YOUR TASK:
Whichever lines include the word "Section", copy them as they appear in the data.

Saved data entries

/---

(* Let $G^\sigma$ be a connected oriented graph of order $n\geq 5$. Then $sr(G^\sigma)=2$ if and only if the underlying graph of $G^\sigma$ is a complete bipartite graph or a complete tripartite graph and every cycle of length $4$ in $G^\sigma$ is evenly-oriented.
   Context: An oriented graph $G^\sigma$ is a simple graph $G$ (underlying graph) together with an orientation of each edge. Its skew-adjacency matrix $S(G^\sigma)=(s_{ij})$ has $s_{ij}=1$ if there is an arc from $v_i$ to $v_j$, $s_{ij}=-1$ if there is an arc from $v_j$ to $v_i$, and $0$ otherwise; the skew-rank $sr(G^\sigma)$ is the rank of $S(G^\sigma)$. For an even cycle $u_1\cdots u_ku_1$, its sign is the sign of $\prod_{i=1}^k s_{u_iu_{i+1}}$ ($u_{k+1}=u_1$); the cycle is evenly-oriented if this sign is positive and oddly-oriented if negative. *)

From mathcomp Require Import all_boot all_order all_algebra.
Set Implicit Arguments. Unset Strict Implicit. Unset Printing Implicit Defensive.
Import Order.TTheory GRing.Theory Num.Theory.
Local Open Scope ring_scope.

Definition oriented_graph (n : nat) (arc : rel 'I_n) : Prop :=
  (forall u, ~~ arc u u) /\ (forall u v, arc u v -> ~~ arc v u).

Definition und (n : nat) (arc : rel 'I_n) : rel 'I_n :=
  fun u v => arc u v || arc v u.

Definition sgn_entry (n : nat) (arc : rel 'I_n) (u v : 'I_n) : int :=
  if arc u v then 1 else if arc v u then -1 else 0.

Definition skew_adj (n : nat) (arc : rel 'I_n) : 'M[rat]_n :=
  \matrix_(i, j) (sgn_entry arc i j)%:~R.

Definition skew_rank (n : nat) (arc : rel 'I_n) : nat := \rank (skew_adj arc).

Definition connected_graph (n : nat) (e : rel 'I_n) : Prop :=
  forall u v, connect e u v.

Definition complete_multipartite (n k : nat) (e : rel 'I_n) : Prop :=
  exists part : 'I_n -> 'I_k,
    (forall c : 'I_k, exists v, part v = c) /\
    (forall u v, e u v = (part u != part v)).

Definition is_4cycle (n : nat) (e : rel 'I_n) (u1 u2 u3 u4 : 'I_n) : Prop :=
  uniq [:: u1; u2; u3; u4] /\ e u1 u2 /\ e u2 u3 /\ e u3 u4 /\ e u4 u1.

Definition evenly_oriented4 (n : nat) (arc : rel 'I_n) (u1 u2 u3 u4 : 'I_n) : Prop :=
  0 < sgn_entry arc u1 u2 * sgn_entry arc u2 u3 * sgn_entry arc u3 u4
      * sgn_entry arc u4 u1.

(* The skew-adjacency matrix S is alternating, so rank S <= 2 iff every
   principal 4x4 Pfaffian s_ij s_kl - s_ik s_jl + s_il s_jk vanishes: its square
   is the corresponding 4x4 minor, and conversely, given s_pq <> 0, the
   Pfaffians through p and q write S as a product of an n x 2 and a 2 x n matrix.
   With entries in {0, 1, -1} the vanishing of the Pfaffians is a finite
   condition on four vertices: non-adjacency is transitive (using a neighbour of
   the middle vertex, which exists by connectedness), there is no K4, and every
   4-cycle is evenly oriented; conversely these conditions make all Pfaffians
   vanish. Transitive non-adjacency without K4 means complete multipartite with
   at most three parts. *)

From mathcomp Require Import all_boot all_order all_algebra.
From mathcomp Require Import ring zify.
Set Implicit Arguments. Unset Strict Implicit. Unset Printing Implicit Defensive.
Import Order.TTheory GRing.Theory Num.Theory.
Local Open Scope ring_scope.

Definition pfaff4 (R : pzRingType) n (m : 'I_n -> 'I_n -> R) (i j k l : 'I_n) : R :=
  m i j * m k l - m i k * m j l + m i l * m j k.

Lemma rank_le2_factor (F : fieldType) n (A : 'M[F]_n) :
  (\rank A <= 2)%N -> exists (C : 'M[F]_(n, 2)) (R : 'M[F]_(2, n)), A = C *m R.
Proof.
move=> rA; exists (col_ebase A *m pid_mx (\rank A)), (pid_mx (\rank A) *m row_ebase A).
by rewrite mulmxA -(mulmxA (col_ebase A)) pid_mx_id // mulmx_ebase.
Qed.

Lemma rank_le2_of_pfaff4 (F : fieldType) n (A : 'M[F]_n) p q :
  A p q != 0 -> (forall x y, pfaff4 A p q x y = 0) -> (\rank A <= 2)%N.
Proof.
move=> Apq pf0.
pose C : 'M[F]_(n, 2) := \matrix_(x, c) (if val c == 0%N then A p x else A q x).
pose R : 'M[F]_(2, n) := \matrix_(c, y) ((if val c == 0%N then A q y else - A p y) / A p q).
have -> : A = C *m R.
  apply/matrixP => x y; rewrite !mxE !big_ord_recr big_ord0 /= !mxE /=.
  have Exy : A p q * A x y = A p x * A q y - A p y * A q x.
    by apply/eqP; rewrite -subr_eq0 -(pf0 x y) /pfaff4; apply/eqP; ring.
  by rewrite -[A x y](mulKf Apq) Exy; field.
exact: leq_trans (mxrankM_maxl _ _) (rank_leq_col _).
Qed.

Section AlternatingMatrix.

Variables (F : fieldType) (n : nat) (A : 'M[F]_n).
Hypothesis A_diag : forall x, A x x = 0.
Hypothesis A_skew : forall x y, A y x = - A x y.

(* [A j k * pfaff4 A i j k l] expands along the row i into 3x3 minors of A. *)
Lemma mul_pfaff4_factor2 (C : 'M[F]_(n, 2)) (R : 'M[F]_(2, n)) i j k l :
  A = C *m R -> A j k * pfaff4 A i j k l = 0.
Proof.
move=> defA.
have -> : A j k * pfaff4 A i j k l = A i j * (A j k * A k l - A j l * A k k)
    - A i k * (A j j * A k l - A j l * A k j) + A i l * (A j j * A k k - A j k * A k j).
  by rewrite (A_diag k) (A_diag j) (A_skew j k) /pfaff4; ring.
rewrite defA !mxE !big_ord_recr !big_ord0 /=; ring.
Qed.

Lemma pfaff4_eq0_of_mul :
  (forall i j k l, A j k * pfaff4 A i j k l = 0) -> forall i j k l, pfaff4 A i j k l = 0.
Proof.
move=> mul0 i j k l.
suff : pfaff4 A i j k l * pfaff4 A i j k l = 0 by move/eqP; rewrite mulf_eq0 orbb => /eqP.
have E1 : pfaff4 A k i j l = pfaff4 A i j k l by rewrite /pfaff4 (A_skew i k) (A_skew j k); ring.
have E2 : pfaff4 A j i k l = - pfaff4 A i j k l by rewrite /pfaff4 (A_skew i j); ring.
have E3 : pfaff4 A j i l k = pfaff4 A i j k l by rewrite /pfaff4 (A_skew i j) (A_skew k l); ring.
have H1 := mul0 k i j l; have H2 := mul0 j i k l; have H3 := mul0 j i l k.
rewrite E1 in H1; rewrite E3 in H3; move/eqP: H2; rewrite E2 mulrN oppr_eq0 => /eqP H2.
(* pfaff4^2 is a combination of the three vanishing products *)
transitivity (A k l * (A i j * pfaff4 A i j k l) - A j l * (A i k * pfaff4 A i j k l)
   + A j k * (A i l * pfaff4 A i j k l)); first by rewrite {1}/pfaff4; ring.
by rewrite H1 H2 H3; ring.
Qed.

Lemma pfaff4_eq0_of_rank_le2 : (\rank A <= 2)%N -> forall i j k l, pfaff4 A i j k l = 0.
Proof.
move=> /rank_le2_factor [C [R defA]]; apply: pfaff4_eq0_of_mul => i j k l.
exact: mul_pfaff4_factor2 defA.
Qed.

Lemma rank_ge2_of_entry p q : A p q != 0 -> (2 <= \rank A)%N.
Proof.
move=> Apq.
pose f (c : 'I_2) := if c == ord0 then p else q.
pose g (c : 'I_2) := if c == ord0 then q else p.
have sub_le : (\rank (mxsub f g A) <= \rank A)%N.
  rewrite -[A in mxsub _ _ A]mul1mx mxsub_mul -[A in colsub _ A]mulmx1 -mulmx_colsub.
  exact: leq_trans (mxrankM_maxr _ _) (mxrankM_maxl _ _).
apply: leq_trans sub_le.
have inv_sub : mxsub f g A *m ((A p q)^-2 *: mxsub f g A) = 1%:M.
  apply/matrixP => x y; rewrite !mxE big_ord_recr big_ord_recr big_ord0 /= !mxE /f /g.
  by case: x => [[|[|x]] Hx] //; case: y => [[|[|y]] Hy] //=;
     rewrite ?A_diag ?(A_skew p q); field.
by have [unit_sub _] := mulmx1_unit inv_sub; rewrite mxrank_unit.
Qed.

End AlternatingMatrix.

Lemma pfaff4_eq0_of_not_uniq (R : comPzRingType) n (m : 'I_n -> 'I_n -> R) :
  (forall x, m x x = 0) -> (forall x y, m y x = - m x y) ->
  forall i j k l, ~~ uniq [:: i; j; k; l] -> pfaff4 m i j k l = 0.
Proof.
move=> diag skew i j k l; rewrite /= !inE !negb_or andbT -!andbA !negb_and !negbK.
move=> /orP[/eqP->|/orP[/eqP->|/orP[/eqP->|/orP[/eqP->|/orP[/eqP->|/eqP->]]]]];
  rewrite /pfaff4 ?diag; first [ring | rewrite (skew k j); ring
  | rewrite (skew l j) (skew l k); ring | rewrite (skew l k); ring].
Qed.

Lemma ord_pigeonhole4 k (a b c d : 'I_k) :
  (k <= 3)%N -> ~~ [&& a != b, a != c, a != d, b != c, b != d & c != d].
Proof. by case: a b c d => [a ?] [b ?] [c ?] [d ?]; rewrite -!val_eqE /= => ?; lia. Qed.

Definition is_sign (x : int) : bool := x \in [:: 0; 1; -1].

Definition zero_closed (x y z : int) : bool :=
  [&& (x == 0) && (y == 0) ==> (z == 0), (x == 0) && (z == 0) ==> (y == 0)
    & (y == 0) && (z == 0) ==> (x == 0)].

Definition even_if_nonzero (x y z w : int) : bool :=
  [&& x != 0, y != 0, z != 0 & w != 0] ==> (0 < x * y * z * w).

Ltac case_sign H := move: H; rewrite /is_sign !inE => /or3P [] /eqP ->.

(* In the next three lemmas, a, b, c, d, e, f stand for the entries
   s_pq, s_pi, s_pj, s_qi, s_qj, s_ij on four vertices p, q, i, j, so that
   a * f - b * e + c * d is pfaff4 s p q i j. *)
Lemma sign_pfaff_cycle_even (a b c d e f : int) :
  is_sign a -> is_sign b -> is_sign c -> is_sign d -> is_sign e -> is_sign f ->
  a * f - b * e + c * d = 0 -> a != 0 -> c != 0 -> d != 0 -> f != 0 ->
  0 < a * d * f * - c.
Proof.
move=> Ha Hb Hc Hd He Hf.
by case_sign Ha; case_sign Hb; case_sign Hc; case_sign Hd; case_sign He; case_sign Hf.
Qed.

Lemma sign_pfaff_neq0 (a b c d e f : int) :
  is_sign a -> is_sign b -> is_sign c -> is_sign d -> is_sign e -> is_sign f ->
  [&& a != 0, b != 0, c != 0, d != 0, e != 0 & f != 0] -> a * f - b * e + c * d != 0.
Proof.
move=> Ha Hb Hc Hd He Hf.
by case_sign Ha; case_sign Hb; case_sign Hc; case_sign Hd; case_sign He; case_sign Hf.
Qed.

Lemma sign_pfaff_eq0 (a b c d e f : int) :
  is_sign a -> is_sign b -> is_sign c -> is_sign d -> is_sign e -> is_sign f ->
  zero_closed a d b -> zero_closed a e c -> zero_closed b f c -> zero_closed d f e ->
  ~~ [&& a != 0, b != 0, c != 0, d != 0, e != 0 & f != 0] ->
  even_if_nonzero a d f (- c) -> even_if_nonzero a e (- f) (- b) ->
  even_if_nonzero b (- d) e (- c) ->
  a * f - b * e + c * d = 0.
Proof.
move=> Ha Hb Hc Hd He Hf.
by case_sign Ha; case_sign Hb; case_sign Hc; case_sign Hd; case_sign He; case_sign Hf.
Qed.

Lemma connected_exists_edge n (e : rel 'I_n) :
  (1 < n)%N -> connected_graph e -> exists u v, e u v.
Proof.
move=> n_gt1 conn; have /connectP [[|t p] /=] := conn (Ordinal (ltnW n_gt1)) (Ordinal n_gt1).
  by move=> _ /(congr1 val).
by case/andP => e0t _ _; exists (Ordinal (ltnW n_gt1)), t.
Qed.

Section SimpleGraph.

Variables (n : nat) (e : rel 'I_n).
Hypothesis e_sym : symmetric e.
Hypothesis e_irr : irreflexive e.
Hypothesis nonadj_trans : forall x y z, ~~ e x y -> ~~ e y z -> ~~ e x z.

(* Non-adjacency is an equivalence relation; its classes are the parts. *)
Lemma complete_multipartite_of_reps k (rep : 'I_k -> 'I_n) :
  (forall c d, c != d -> e (rep c) (rep d)) -> (forall x, exists c, ~~ e x (rep c)) ->
  complete_multipartite k e.
Proof.
move=> rep_adj rep_cover.
pose part x := xchoose (rep_cover x).
have part_rep x : ~~ e x (rep (part x)) := xchooseP (rep_cover x).
have part_eq x c : ~~ e x (rep c) -> part x = c.
  move=> nxc; apply: (contraNeq (@rep_adj _ _)).
  by apply: nonadj_trans _ nxc; rewrite e_sym.
exists part; split=> [c | x y]; first by exists (rep c); apply: part_eq; rewrite e_irr.
apply/idP/idP => [|neq_part]; first apply: contraTneq => same_part.
  by apply: nonadj_trans (part_rep x) _; rewrite e_sym same_part.
apply: contraR neq_part => nxy; apply/eqP/esym/part_eq.
by apply: nonadj_trans (part_rep x); rewrite e_sym.
Qed.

\---

PROBLEM SOLUTION:
Section AlternatingMatrix.
Section SimpleGraph.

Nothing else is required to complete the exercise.